Rachael Polachek said:


> Good job! I can barely knit but I found a simple dog sweater pattern and I just keep doing it over and over with different yarns. I've managed to make 5 or 6 sweaters that Lily can actually wear. Lots of fun!


is there any way you could share the pattern? all the one's i've found are way too complicated for my little brain


----------



## suzi (Jan 2, 2005)

heres the one i used:
MATERIALS: 

(1) Sizes 5 & 7 knitting needles. 

(2) Worsted wool, about 4 ounces. 

LETS GO: 

(3) Measure your pet’s neck. I usually use a size 5 or 6 needle for a tightly knit ribbing (not too tight!). I cast on loosely, 40 or 42 stitches. 

(4) Knit 1x1, or 2x2 ribbing for 3” for a mock neck, or 6” or 7” for a turtleneck. 

(5) Change to a size 7 needle, and commence in the stitch or your choice. After you’ve knit one or two of these, you can see how easy it is to add cables, colour work, or other texture stitches in this back area. for the first one, let’s knit in my favorite basic stitch, garter. That is, knit every row! Can’t beat it for simplicity, stability, and rustic good looks. 

(6) Measure the animal’s back length, that is, from the back of his neck, just above the shoulder, to the top of his tail. That’s how long you will knit straight, in garter stitch. That’s right! No shaping yet! When you have reached 2” short of the correct length, switch to size 5 needles, and knit 2” of the same rib you used for the neck. In garter stitch, this isn’t really necessary, but looks good, and if you use another stitch, it keeps the edge from curling. If you used another stitch, you should also have knit the first 4 stitches of every row, to keep the side edges from curling. 

(7) Now, we will knit the chest piece. Using the size 5 needles, cast on 3 stitches. You will increase 2 stitches every other row, until you reach the width comparable to the distance between your pets’ front legs. You should increase 1 stitch, 2 stitches from each edge. The magic thing about this, is that it’s usually exactly the length you need to cover that tiny chest. It’s really amazing! Now for a male, knit straight until you get to1” shorter than where the ribcage stops, and add 1” of ribbing. Bind off. For a female, you can knit as long as the body of the sweater, to cover her bald little stomach (ending with 2” of ribbing, just like the back). Bind off. The reason I usually knit this piece on the smaller needles is, it has a tendency to get wet in the snow and stretch. A slightly smaller gauge helps. If you’re not using garter stitch, knit the first four stitches of every row. 

FINISHING: 

( Seam the neck ribbing, remembering to seam halfway, and switch to the inside, if you’ve made a turtleneck.

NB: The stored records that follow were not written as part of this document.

Definition cylinder (h : seq V) : set Omega :=
  [set w | agree_upto (xi w) (noise_of h) (size h)].

Lemma cylinder_measurable h : measurable (cylinder h).
Proof.
have -> : cylinder h = \bigcap_(k in `I_(size h)) \bigcap_(i in [set: 'I_n])
                         [set w | xi w k i = noise_of h k i].
  apply/seteqP; split => w /= agr; first by move=> k ltk i _; apply: agr.
  by move=> k i ltk; apply: agr.
apply: fin_bigcap_measurable => [|k _]; first exact: finite_II.
apply: fin_bigcap_measurable => [|i _]; first exact: finite_finset.
case: (noise_of h k i); first exact: hxi.1.
rewrite (_ : [set w | xi w k i = false] = ~` [set w | xi w k i]).
  exact/measurableC/hxi.1.
by apply/seteqP; split => w /=; case: (xi w k i).
Qed.

Lemma prob_cylinder h : P (cylinder h) = (seq_weight p h)%:E.
Proof.
rewrite /cylinder (hxi.2 (size h) (noise_of h)) /seq_weight.
by rewrite (big_nth [ffun=> false]) big_mkord.
Qed.

(* Having been bad within N rounds depends on the first N draws only, so the
   event is a finite union of cylinders. *)
Definition bad_event N : set Omega := [set w | bad_by (xi w) N].

Lemma bad_event_cylinders N :
  bad_event N =
  \big[setU/set0]_(h <- draw_seqs n N | bad_by (noise_of h) N) cylinder h.
Proof.
rewrite -bigcup_seq_cond; apply/seteqP; split => w /=.
  move=> bad; set h := [seq [ffun i => xi w k i] | k <- iota 0 N].
  have sizeh : size h = N by rewrite size_map size_iota.
  have agr : agree_upto (xi w) (noise_of h) N.
    move=> k i ltk; rewrite /noise_of (nth_map 0) ?size_iota //.
    by rewrite nth_iota // ffunE.
  exists h; last by rewrite /cylinder /= sizeh.
  by rewrite /= -(bad_by_agree agr) bad andbT -{1}sizeh mem_draw_seqs.
case=> h /andP [hN badh]; rewrite /cylinder /= (size_draw_seqs hN) => agr.
by rewrite /bad_event /= (bad_by_agree agr).
Qed.

Lemma bad_event_measurable N : measurable (bad_event N).
Proof.
by rewrite bad_event_cylinders; apply: bigsetU_measurable => h _;
  apply: cylinder_measurable.
Qed.
(* Let $a\le s\le r$ be positive integers with $s\mid r$, and let $\gamma\in B_a$ (viewed in $B_s\subseteq B_r$ via the standard inclusions). Then $\widehat{\gamma[1,r]^s}=\widehat{\gamma[1,s]^r}$, where the left closure is taken in $B_r$ and the right in $B_s$. Consequently, for a T-link with $r_{k-1}\le s_k\le r_k$ and $s_k\mid r_k$, $$T((r_1,s_1),\dots,(r_{k-1},s_{k-1}),(r_k,s_k))=T((r_1,s_1),\dots,(r_{k-1},s_{k-1}),(s_k,r_k)).$$
   Context: $B_n$ is the braid group on $n$ strands with generators $\sigma_1,\dots,\sigma_{n-1}$; $\widehat\beta$ is the closure; $[1,n]=\sigma_1\sigma_2\cdots\sigma_{n-1}$. A T-link $T((r_1,s_1),\dots,(r_k,s_k))$, with integers $2\le r_1\le\dots\le r_k$ and $s_i>0$, is the closure of $[1,r_1]^{s_1}\cdots[1,r_k]^{s_k}\in B_{r_k}$. *)

From mathcomp Require Import all_boot.
Set Implicit Arguments. Unset Strict Implicit. Unset Printing Implicit Defensive.

(* A letter (i, true) is sigma_i, (i, false) is sigma_i^{-1}; i >= 1. *)
Definition letter := (nat * bool)%type.
Definition bword := seq letter.

Definition valid (n : nat) (w : bword) : bool :=
  all (fun x : letter => (0 < x.1) && (x.1 < n)) w.

Inductive braid_rel : bword -> bword -> Prop :=
| br_cancel i b : braid_rel [:: (i, b); (i, ~~ b)] [::]
| br_far i j : (i.+1 < j)%N ->
    braid_rel [:: (i, true); (j, true)] [:: (j, true); (i, true)]
| br_braid i :
    braid_rel [:: (i, true); (i.+1, true); (i, true)]
              [:: (i.+1, true); (i, true); (i.+1, true)].

(* markov n w m v : the closure of w in B_n and the closure of v in B_m are
   the same link (equivalence generated by equality in B_n, conjugation,
   and Markov (de)stabilisation B_n -> B_{n+1}, beta |-> beta sigma_n^{+-1}). *)
Inductive markov : nat -> bword -> nat -> bword -> Prop :=
| mk_refl n w : markov n w n w
| mk_sym n w m v : markov n w m v -> markov m v n w
| mk_trans n w m v p u : markov n w m v -> markov m v p u -> markov n w p u
| mk_rel n u v l r : braid_rel l r ->
    valid n (u ++ l ++ v) -> valid n (u ++ r ++ v) ->
    markov n (u ++ l ++ v) n (u ++ r ++ v)
| mk_conj n u v : valid n (u ++ v) -> markov n (u ++ v) n (v ++ u)
| mk_stab n w b : (0 < n)%N -> valid n w -> markov n w n.+1 (rcons w (n, b)).

(* [1,n] = sigma_1 sigma_2 ... sigma_{n-1} *)
Definition seg (n : nat) : bword := [seq (i, true) | i <- iota 1 n.-1].

Definition bpow (w : bword) (k : nat) : bword := flatten (nseq k w).

Definition Tword (L : seq (nat * nat)) : bword :=
  flatten [seq bpow (seg p.1) p.2 | p <- L].

Definition Tdata (L : seq (nat * nat)) : bool :=
  [&& L != [::], sorted leq [seq p.1 | p <- L]
    & all (fun p : nat * nat => (2 <= p.1)%N && (0 < p.2)%N) L].

(* T((r_1,s_1),...,(r_k,s_k)) is the closure of Tword L in B_{r_k};
   T-link equality is stated via markov with r_k strands. *)
Definition Tstrands (L : seq (nat * nat)) : nat := last 0%N [seq p.1 | p <- L].

From mathcomp Require Import all_boot zify.
Set Implicit Arguments. Unset Strict Implicit. Unset Printing Implicit Defensive.

(* Write [d_N = [1,N]] and argue by induction on [r/s]. Since
   [d_(M+1)^s = d_M^s sigma_M (sigma_(M-1) ... sigma_(M-s+1))] up to braid moves,
   [s] conjugations and Markov destabilisations turn the closure of [gamma d_(N+s)^s]
   into that of [gamma d_N^s T], where [T] is the full twist of the top [s] strands
   of [B_N]. Conjugation by [d_N^s] lowers indices by [s], so [T] slides down to the
   full twist [d_s^s] of the bottom [s] strands. Conjugating it to the front and
   applying the induction hypothesis to [d_s^s gamma] gives the closure of
   [gamma d_s^N d_s^s = gamma d_s^(N+s)]. *)

Definition asc (a k : nat) : bword := [seq (i, true) | i <- iota a k].
Definition desc (a k : nat) : bword := rev (asc a k).
Definition shiftw (k : nat) (w : bword) : bword := [seq (x.1 + k, x.2) | x <- w].
Definition within (lo hi : nat) (w : bword) : bool :=
  all (fun x : letter => lo <= x.1 <= hi) w.
Definition positive (w : bword) : bool := all snd w.

Lemma seg_asc n : seg n = asc 1 n.-1. Proof. by []. Qed.

Lemma asc_cat a m k : asc a (m + k) = asc a m ++ asc (a + m) k.
Proof. by rewrite /asc iotaD map_cat. Qed.

Lemma ascSr a k : asc a k.+1 = rcons (asc a k) (a + k, true).
Proof. by rewrite -addn1 asc_cat -cats1. Qed.

Lemma descS a k : desc a k.+1 = (a + k, true) :: desc a k.
Proof. by rewrite /desc ascSr rev_rcons. Qed.

Lemma segSr n : 0 < n -> seg n.+1 = rcons (seg n) (n, true).
Proof. by case: n => // n _; rewrite !seg_asc ascSr add1n. Qed.

Lemma bpowS w k : bpow w k.+1 = w ++ bpow w k. Proof. by []. Qed.

Lemma bpowD w m k : bpow w (m + k) = bpow w m ++ bpow w k.
Proof. by elim: m => [|m IH] //; rewrite addSn !bpowS IH catA. Qed.
Lemma phi_inner_time a b t rq : phi_rel adj cls (PInner adj a b t) rq -> retime rq t = rq.
Proof.
  simpl. intros [[u [v [_ [_ H]]]] | [_ [ka [kb [_ [_ H]]]]]].
  - destruct H as [[_ ->]|[[_ [_ ->]]|[_ [_ ->]]]]; reflexivity.
  - destruct H as [[_ ->]|[_ ->]]; reflexivity.
Qed.

Lemma phi_same a b t rq k : phi_rel adj cls (PInner adj a b t) rq ->
  node_class adj cls a k -> node_class adj cls b k -> rq = QNode k.
Proof.
  simpl. intros [[u [v [-> [-> H]]]] | [_ [ka [kb [Ha [Hb H]]]]]] H1 H2; simpl in H1, H2.
  - destruct H as [[_ ->]|[[Hne _]|[Hne _]]]; congruence.
  - rewrite (node_class_unique _ _ _ Ha H1), (node_class_unique _ _ _ Hb H2) in H.
    destruct H as [[_ ->]|[Hne _]]; congruence.
Qed.

Lemma phi_diff a b t rq k1 k2 : phi_rel adj cls (PInner adj a b t) rq ->
  node_class adj cls a k1 -> node_class adj cls b k2 -> k1 <> k2 ->
  ~ fin_between adj cls k1 k2 -> rq = QInner (QQuot k1 k2) t.
Proof.
  simpl. intros [[u [v [-> [-> H]]]] | [_ [ka [kb [Ha [Hb H]]]]]] H1 H2 Hne Hnf;
    simpl in H1, H2.
  - subst. destruct H as [[E _]|[[_ [F _]]|[_ [_ ->]]]]; tauto.
  - rewrite (node_class_unique _ _ _ Ha H1), (node_class_unique _ _ _ Hb H2) in H.
    destruct H as [[E _]|[_ ->]]; tauto.
Qed.

Lemma phi_dedge_retime u v t t' rq rq' :
  phi_rel adj cls (PInner adj (NV adj u) (NV adj v) t) rq ->
  phi_rel adj cls (PInner adj (NV adj u) (NV adj v) t') rq' -> rq' = retime rq t'.
Proof.
  simpl; intros H H'.
  destruct H as [[u1 [v1 [E1 [E2 H]]]] | [Hn _]]; [|exfalso; eapply Hn; split; reflexivity].
  destruct H' as [[u2 [v2 [F1 [F2 H']]]] | [Hn _]]; [|exfalso; eapply Hn; split; reflexivity].
  injection E1 as <-; injection E2 as <-; injection F1 as <-; injection F2 as <-.
  destruct H as [[E ->]|[[E [F ->]]|[E [F ->]]]],
    H' as [[E' ->]|[[E' [F' ->]]|[E' [F' ->]]]]; simpl; first [reflexivity|tauto].
Qed.

Lemma phi_classes_retime a b t a' b' t' ka kb rq rq' :
  phi_rel adj cls (PInner adj a b t) rq -> phi_rel adj cls (PInner adj a' b' t') rq' ->
  node_class adj cls a ka -> node_class adj cls b kb ->
  node_class adj cls a' ka -> node_class adj cls b' kb ->
  (ka <> kb -> ~ fin_between adj cls ka kb) -> rq' = retime rq t'.
Proof.
  intros H H' Ha Hb Ha' Hb' Hfin. destruct (classic (ka = kb)) as [<-|Hne].
  - rewrite (phi_same _ _ _ _ _ H Ha Hb), (phi_same _ _ _ _ _ H' Ha' Hb'); reflexivity.
  - rewrite (phi_diff _ _ _ _ _ _ H Ha Hb Hne (Hfin Hne)),
      (phi_diff _ _ _ _ _ _ H' Ha' Hb' Hne (Hfin Hne)); reflexivity.
Qed.

Lemma phi_near_tail a b t eps rq k : phi_rel adj cls (PInner adj a b t) rq ->
  node_class adj cls a k -> t < eps -> qstar cls k eps rq.
Proof.
  simpl. intros [[u [v [-> [-> H]]]] | [_ [ka [kb [Ha [_ H]]]]]] Hk Ht; simpl in Hk.
  - subst k. destruct H as [[_ ->]|[[_ [_ ->]]|[_ [_ ->]]]]; [left; reflexivity|right..].
    all: do 2 eexists; split; [reflexivity|left; split; [reflexivity|exact Ht]].
  - rewrite (node_class_unique _ _ _ Ha Hk) in H.
    destruct H as [[_ ->]|[_ ->]]; [left; reflexivity|right].
    do 2 eexists; split; [reflexivity|left; split; [reflexivity|exact Ht]].
Qed.

Lemma phi_near_head a b t eps rq k : phi_rel adj cls (PInner adj a b t) rq ->
  node_class adj cls b k -> 1 - eps < t -> qstar cls k eps rq.
Proof.
  simpl. intros [[u [v [-> [-> H]]]] | [_ [ka [kb [_ [Hb H]]]]]] Hk Ht; simpl in Hk.
  - subst k. destruct H as [[E ->]|[[_ [_ ->]]|[_ [_ ->]]]]; [left; congruence|right..].
    all: do 2 eexists; split; [reflexivity|right; split; [reflexivity|exact Ht]].
  - rewrite (node_class_unique _ _ _ Hb Hk) in H.
    destruct H as [[-> ->]|[_ ->]]; [left; reflexivity|right].
    do 2 eexists; split; [reflexivity|right; split; [reflexivity|exact Ht]].
Qed.

Lemma basicRaw_star v eps : 0 < eps -> basicRaw adj (star adj v eps).
Proof. intros; left; exists v, eps; split; auto; reflexivity. Qed.

Lemma basicRaw_dinterval u v lo hi : adj u v -> 0 <= lo -> lo < hi -> hi <= 1 ->
  basicRaw adj (dinterval adj u v lo hi).
Proof. intros; right; left; exists u, v, lo, hi; repeat split; auto; reflexivity. Qed.

Lemma basicRaw_Chat X w eps : 0 < eps -> basicRaw adj (Chat adj X w eps).
Proof. intros; do 2 right; left; exists X, w, eps; split; auto; reflexivity. Qed.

Now, place the point of the chest piece at the bottom of the neck rib seam, and sew a seam down both sides until you get to the point where you stopped increasing. Leave a slit for the front legs there, about 2” long, and continue the princess seams down each side. Tuck in your loose ends, wash and block carefully. 

Note: experiment with your favorite stitches. I highly recommend using natural fibers like wool, alpaca, or cashmere.


----------



## colleen13 (Jul 10, 2004)

i tried making a scarf a few months ago and i failed miserably :lol: id love to see your work!


----------